Dataset records:

(* (i) For any formula $A\in\mathcal{L}_\infty$ and any natural numbers $m,n$ both strictly greater than the index of every box occurring in $A$, $\mathbf{GL}_h\vdash\Box_mA\leftrightarrow\Box_nA$. (ii) For any formula $A$ of the ordinary unimodal language $\mathcal{L}_\Box$ and any witnesses $u,v$ for $A$, $\mathbf{GL}_h\vdash A(u)\rightarrow A(v)$.
   Context: The language $\mathcal{L}_\infty$ consists of modal formulas built from propositional atoms, $\bot,\top$, the connectives $\neg,\wedge,\vee,\rightarrow$ and unary modalities $\Box_n$ ($n\in\mathbb{N}$), with the restriction that $\Box_n A$ is a formula only if $n$ is strictly greater than the index of every box occurring in $A$. Axiom instances are only those that are $\mathcal{L}_\infty$-formulas. Axiom schemes (for all $n\ge0$): $\mathbf{H}$: $\Box_n A\rightarrow\Box_{n+1}A$; $\mathbf{K}_h$: $\Box_n(A\rightarrow B)\rightarrow(\Box_nA\rightarrow\Box_nB)$; $\mathbf{4}_h$: $\Box_nA\rightarrow\Box_{n+1}\Box_nA$; $\mathbf{L}_h$: $\Box_{n+1}(\Box_nA\rightarrow A)\rightarrow\Box_nA$. $\mathbf{GL}_h$ is the least set of $\mathcal{L}_\infty$-formulas containing all classical propositional tautologies and all instances of $\mathbf{H},\mathbf{K}_h,\mathbf{4}_h,\mathbf{L}_h$, closed under modus ponens and the rule: from $A$ infer $\Box_nA$ for any $n$ greater than all box indices in $A$. $\mathcal{L}_\Box$ is the usual modal language with one modality $\Box$ (same atoms). A witness for $A\in\mathcal{L}_\Box$ is an assignment of a natural number to each occurrence of $\Box$ in $A$ such that the number assigned to each occurrence is strictly greater than the numbers assigned to all box occurrences inside its scope (formally: atoms have the empty witness $()$; $(w_1,w_2)$ is a witness for $B\circ C$ if $w_1,w_2$ are witnesses for $B,C$; a witness for $B$ is one for $\neg B$; $(n,w)$ is a witness for $\Box B$ if $w$ is a witness for $B$ and $n$ exceeds every number in $w$). For a witness $w$ of $A$, $A(w)\in\mathcal{L}_\infty$ is obtained by replacing each occurrence of $\Box$ by $\Box_n$, where $n$ is the number assigned to that occurrence. *)

From Stdlib Require Import Arith Bool.

Inductive form : Type :=
| Var : nat -> form
| Bot : form
| Top : form
| Neg : form -> form
| And : form -> form -> form
| Or  : form -> form -> form
| Imp : form -> form -> form
| Box : nat -> form -> form.

Fixpoint boxes_below (n : nat) (A : form) : Prop :=
  match A with
  | Var _ | Bot | Top => True
  | Neg B => boxes_below n B
  | And B C | Or B C | Imp B C => boxes_below n B /\ boxes_below n C
  | Box k B => k < n /\ boxes_below n B
  end.

Fixpoint wf (A : form) : Prop :=
  match A with
  | Var _ | Bot | Top => True
  | Neg B => wf B
  | And B C | Or B C | Imp B C => wf B /\ wf C
  | Box k B => boxes_below k B /\ wf B
  end.

Definition Iff (A B : form) : form := And (Imp A B) (Imp B A).

(* classical propositional evaluation, treating atoms and boxed formulas
   as propositional variables *)
Fixpoint peval (v : form -> bool) (A : form) : bool :=
  match A with
  | Var p => v (Var p)
  | Bot => false
  | Top => true
  | Neg B => negb (peval v B)
  | And B C => peval v B && peval v C
  | Or B C => peval v B || peval v C
  | Imp B C => implb (peval v B) (peval v C)
  | Box k B => v (Box k B)
  end.

Definition tautology (A : form) : Prop := forall v, peval v A = true.

Inductive GLh : form -> Prop :=
| GLh_taut : forall A, wf A -> tautology A -> GLh A
| GLh_H : forall n A, wf (Imp (Box n A) (Box (S n) A)) ->
    GLh (Imp (Box n A) (Box (S n) A))
| GLh_K : forall n A B,
    wf (Imp (Box n (Imp A B)) (Imp (Box n A) (Box n B))) ->
    GLh (Imp (Box n (Imp A B)) (Imp (Box n A) (Box n B)))
| GLh_4 : forall n A, wf (Imp (Box n A) (Box (S n) (Box n A))) ->
    GLh (Imp (Box n A) (Box (S n) (Box n A)))
| GLh_L : forall n A, wf (Imp (Box (S n) (Imp (Box n A) A)) (Box n A)) ->
    GLh (Imp (Box (S n) (Imp (Box n A) A)) (Box n A))
| GLh_MP : forall A B, GLh A -> GLh (Imp A B) -> GLh B
| GLh_nec : forall n A, GLh A -> boxes_below n A -> GLh (Box n A).

Inductive uform : Type :=
| UVar : nat -> uform
| UBot : uform
| UTop : uform
| UNeg : uform -> uform
| UAnd : uform -> uform -> uform
| UOr  : uform -> uform -> uform
| UImp : uform -> uform -> uform
| UBox : uform -> uform.

(* witnesses: () , (w1,w2) , (n,w) *)
Inductive wit : Type :=
| WNil : wit
| WPair : wit -> wit -> wit
| WBox : nat -> wit -> wit.

Fixpoint wit_below (n : nat) (w : wit) : Prop :=
  match w with
  | WNil => True
  | WPair w1 w2 => wit_below n w1 /\ wit_below n w2
  | WBox k w' => k < n /\ wit_below n w'
  end.

Fixpoint is_witness (A : uform) (w : wit) : Prop :=
  match A, w with
  | UVar _, WNil | UBot, WNil | UTop, WNil => True
  | UNeg B, _ => is_witness B w
  | UAnd B C, WPair w1 w2 | UOr B C, WPair w1 w2 | UImp B C, WPair w1 w2 =>
      is_witness B w1 /\ is_witness C w2
  | UBox B, WBox n w' => is_witness B w' /\ wit_below n w'
  | _, _ => False
  end.

(* A(w); junk (Bot) on structurally mismatched witnesses *)
Fixpoint translate (A : uform) (w : wit) : form :=
  match A, w with
  | UVar p, _ => Var p
  | UBot, _ => Bot
  | UTop, _ => Top
  | UNeg B, _ => Neg (translate B w)
  | UAnd B C, WPair w1 w2 => And (translate B w1) (translate C w2)
  | UOr B C, WPair w1 w2 => Or (translate B w1) (translate C w2)
  | UImp B C, WPair w1 w2 => Imp (translate B w1) (translate C w2)
  | UBox B, WBox n w' => Box n (translate B w')
  | _, _ => Bot
  end.

(* For (i): axiom H climbs from [Box m A] to [Box n A] when m <= n.  To
   descend one step, necessitate the tautology [A -> (Box k A -> A)] at
   level k+1 and distribute with K; the Löb axiom then turns
   [Box (k+1) (Box k A -> A)] into [Box k A].  At a box [Box n A(u)] versus [Box k A(v)], move
   both to level [max n k] by (i) and necessitate the induction hypothesis
   there.  Negation and antecedents of implications are contravariant, so
   the induction hypothesis is used for both orders of the witnesses. *)

From Stdlib Require Import Arith Lia.

Lemma boxes_below_mono (A : form) (m n : nat) :
  boxes_below m A -> m <= n -> boxes_below n A.
Proof.
  induction A; simpl; intuition (eauto; lia).
Qed.

Lemma GLh_wf (A : form) : GLh A -> wf A.
Proof. induction 1; simpl in *; tauto. Qed.

Ltac decide_tautology :=
  let v := fresh "v" in
  intro v; simpl;
  repeat match goal with
  | |- context [peval ?u ?X] => destruct (peval u X)
  | |- context [?u (Box ?k ?X)] => destruct (u (Box k X))
  | |- context [?u (Var ?p)] => destruct (u (Var p))
  end; reflexivity.

Ltac solve_wf := simpl in *; repeat split; intuition (eauto using boxes_below_mono).

Lemma GLh_mp_taut (X Y : form) :
  GLh X -> wf Y -> tautology (Imp X Y) -> GLh Y.
Proof.
  intros HX HY Htaut. apply (GLh_MP X); [exact HX|].
  apply GLh_taut; [simpl; auto using GLh_wf | exact Htaut].
Qed.

Lemma GLh_mp2_taut (X Y Z : form) :
  GLh X -> GLh Y -> wf Z -> tautology (Imp X (Imp Y Z)) -> GLh Z.
Proof.
  intros HX HY HZ Htaut. apply (GLh_MP Y); [exact HY|].
  apply (GLh_MP X); [exact HX|].
  apply GLh_taut; [simpl; auto using GLh_wf | exact Htaut].
Qed.

Lemma GLh_imp_refl (X : form) : wf X -> GLh (Imp X X).
Proof. intro HX. apply GLh_taut; [simpl; tauto | decide_tautology]. Qed.

Lemma GLh_imp_trans (X Y Z : form) :
  GLh (Imp X Y) -> GLh (Imp Y Z) -> GLh (Imp X Z).
Proof.
  intros HXY HYZ. pose proof (GLh_wf _ HXY). pose proof (GLh_wf _ HYZ).
  apply (GLh_mp2_taut _ _ _ HXY HYZ); [solve_wf | decide_tautology].
Qed.

Lemma GLh_iff_intro (X Y : form) :
  GLh (Imp X Y) -> GLh (Imp Y X) -> GLh (Iff X Y).
Proof.
  intros HXY HYX. pose proof (GLh_wf _ HXY).
  apply (GLh_mp2_taut _ _ _ HXY HYX); [solve_wf | decide_tautology].
Qed.

Lemma GLh_neg_anti (X Y : form) :
  GLh (Imp X Y) -> GLh (Imp (Neg Y) (Neg X)).
Proof.
  intro HXY. pose proof (GLh_wf _ HXY).
  apply (GLh_mp_taut _ _ HXY); [solve_wf | decide_tautology].
Qed.

Lemma GLh_and_mono (X X' Y Y' : form) :
  GLh (Imp X X') -> GLh (Imp Y Y') -> GLh (Imp (And X Y) (And X' Y')).
Proof.
  intros HX HY. pose proof (GLh_wf _ HX). pose proof (GLh_wf _ HY).
  apply (GLh_mp2_taut _ _ _ HX HY); [solve_wf | decide_tautology].
Qed.

Lemma GLh_or_mono (X X' Y Y' : form) :
  GLh (Imp X X') -> GLh (Imp Y Y') -> GLh (Imp (Or X Y) (Or X' Y')).
Proof.
  intros HX HY. pose proof (GLh_wf _ HX). pose proof (GLh_wf _ HY).
  apply (GLh_mp2_taut _ _ _ HX HY); [solve_wf | decide_tautology].
Qed.

Lemma GLh_imp_mono (X X' Y Y' : form) :
  GLh (Imp X' X) -> GLh (Imp Y Y') -> GLh (Imp (Imp X Y) (Imp X' Y')).
Proof.
  intros HX HY. pose proof (GLh_wf _ HX). pose proof (GLh_wf _ HY).
  apply (GLh_mp2_taut _ _ _ HX HY); [solve_wf | decide_tautology].
Qed.

Lemma GLh_box_mono (n : nat) (X Y : form) :
  GLh (Imp X Y) -> boxes_below n (Imp X Y) -> GLh (Imp (Box n X) (Box n Y)).
Proof.
  intros HXY Hn. pose proof (GLh_wf _ HXY).
  apply (GLh_MP _ _ (GLh_nec n _ HXY Hn)), GLh_K. solve_wf.
Qed.

Lemma GLh_box_up (A : form) (m n : nat) :
  wf A -> boxes_below m A -> m <= n -> GLh (Imp (Box m A) (Box n A)).
Proof.
  intros HA Hm Hle. induction Hle as [|n Hle IH].
  - apply GLh_imp_refl. solve_wf.
  - apply (GLh_imp_trans _ _ _ IH), GLh_H. solve_wf; lia.
Qed.

Lemma GLh_box_pred (A : form) (k : nat) :
  wf A -> boxes_below k A -> GLh (Imp (Box (S k) A) (Box k A)).
Proof.
  intros HA Hk.
  assert (HSk : boxes_below (S k) A) by eauto using boxes_below_mono.
  assert (Hcond : GLh (Imp A (Imp (Box k A) A)))
    by (apply GLh_taut; [solve_wf | decide_tautology]).
  apply (GLh_imp_trans _ _ _ (GLh_box_mono (S k) _ _ Hcond ltac:(solve_wf))).
  apply GLh_L. solve_wf.
Qed.

Lemma GLh_box_down (A : form) (m n : nat) :
  wf A -> boxes_below m A -> m <= n -> GLh (Imp (Box n A) (Box m A)).
Proof.
  intros HA Hm Hle. induction Hle as [|n Hle IH].
  - apply GLh_imp_refl. solve_wf.
  - refine (GLh_imp_trans _ _ _ _ IH).
    apply GLh_box_pred; eauto using boxes_below_mono.
Qed.

Lemma GLh_box_index_iff (A : form) (m n : nat) :
  wf A -> boxes_below m A -> boxes_below n A -> GLh (Iff (Box m A) (Box n A)).
Proof.
  intros HA Hm Hn. destruct (le_ge_dec m n) as [Hle | Hge].
  - apply GLh_iff_intro; [apply GLh_box_up | apply GLh_box_down]; assumption.
  - apply GLh_iff_intro; [apply GLh_box_down | apply GLh_box_up]; assumption.
Qed.

Lemma GLh_box_reindex (X Y : form) (n k : nat) :
  GLh (Imp X Y) -> boxes_below n X -> boxes_below k Y ->
  GLh (Imp (Box n X) (Box k Y)).
Proof.
  intros HXY Hn Hk. pose proof (GLh_wf _ HXY) as [HX HY].
  apply (GLh_imp_trans _ (Box (Nat.max n k) X)); [apply GLh_box_up; auto; lia|].
  apply (GLh_imp_trans _ (Box (Nat.max n k) Y)); [|apply GLh_box_down; auto; lia].
  apply GLh_box_mono; [exact HXY | split; eapply boxes_below_mono; eauto; lia].
Qed.

Lemma translate_boxes_below (A : uform) (w : wit) (n : nat) :
  is_witness A w -> wit_below n w -> boxes_below n (translate A w).
Proof.
  revert w; induction A; intros w Hw Hn; simpl in *;
    [| | | now apply IHA | ..]; destruct w; simpl in *; intuition.
Qed.

Lemma GLh_translate_imp (A : uform) (u v : wit) :
  is_witness A u -> is_witness A v -> GLh (Imp (translate A u) (translate A v)).
Proof.
  revert u v; induction A as [p | | | A IH | A IHA B IHB | A IHA B IHB | A IHA B IHB | A IH];
    intros u v Hu Hv; simpl in Hu, Hv.
  1-3: apply GLh_imp_refl; exact I.
  1: apply GLh_neg_anti, IH; assumption.
  all: destruct u, v; try contradiction; destruct Hu, Hv; simpl.
  - apply GLh_and_mono; [apply IHA | apply IHB]; assumption.
  - apply GLh_or_mono; [apply IHA | apply IHB]; assumption.
  - apply GLh_imp_mono; [apply IHA | apply IHB]; assumption.
  - apply GLh_box_reindex; auto using translate_boxes_below.
Qed.

Theorem lemma3p12 :
  (forall (A : form) (m n : nat), wf A -> boxes_below m A -> boxes_below n A ->
     GLh (Iff (Box m A) (Box n A))) /\
  (forall (A : uform) (u v : wit), is_witness A u -> is_witness A v ->
     GLh (Imp (translate A u) (translate A v))).
Proof.
  split; [exact GLh_box_index_iff | exact GLh_translate_imp].
Qed.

What needs to be done:
Look above for the line with "Fixpoint boxes_below (n" and the line with "negb (peval v B)"; transcribe both and all lines in between, exactly, and nothing else.

Problem solution:
Fixpoint boxes_below (n : nat) (A : form) : Prop :=
  match A with
  | Var _ | Bot | Top => True
  | Neg B => boxes_below n B
  | And B C | Or B C | Imp B C => boxes_below n B /\ boxes_below n C
  | Box k B => k < n /\ boxes_below n B
  end.

Fixpoint wf (A : form) : Prop :=
  match A with
  | Var _ | Bot | Top => True
  | Neg B => wf B
  | And B C | Or B C | Imp B C => wf B /\ wf C
  | Box k B => boxes_below k B /\ wf B
  end.

Definition Iff (A B : form) : form := And (Imp A B) (Imp B A).

(* classical propositional evaluation, treating atoms and boxed formulas
   as propositional variables *)
Fixpoint peval (v : form -> bool) (A : form) : bool :=
  match A with
  | Var p => v (Var p)
  | Bot => false
  | Top => true
  | Neg B => negb (peval v B)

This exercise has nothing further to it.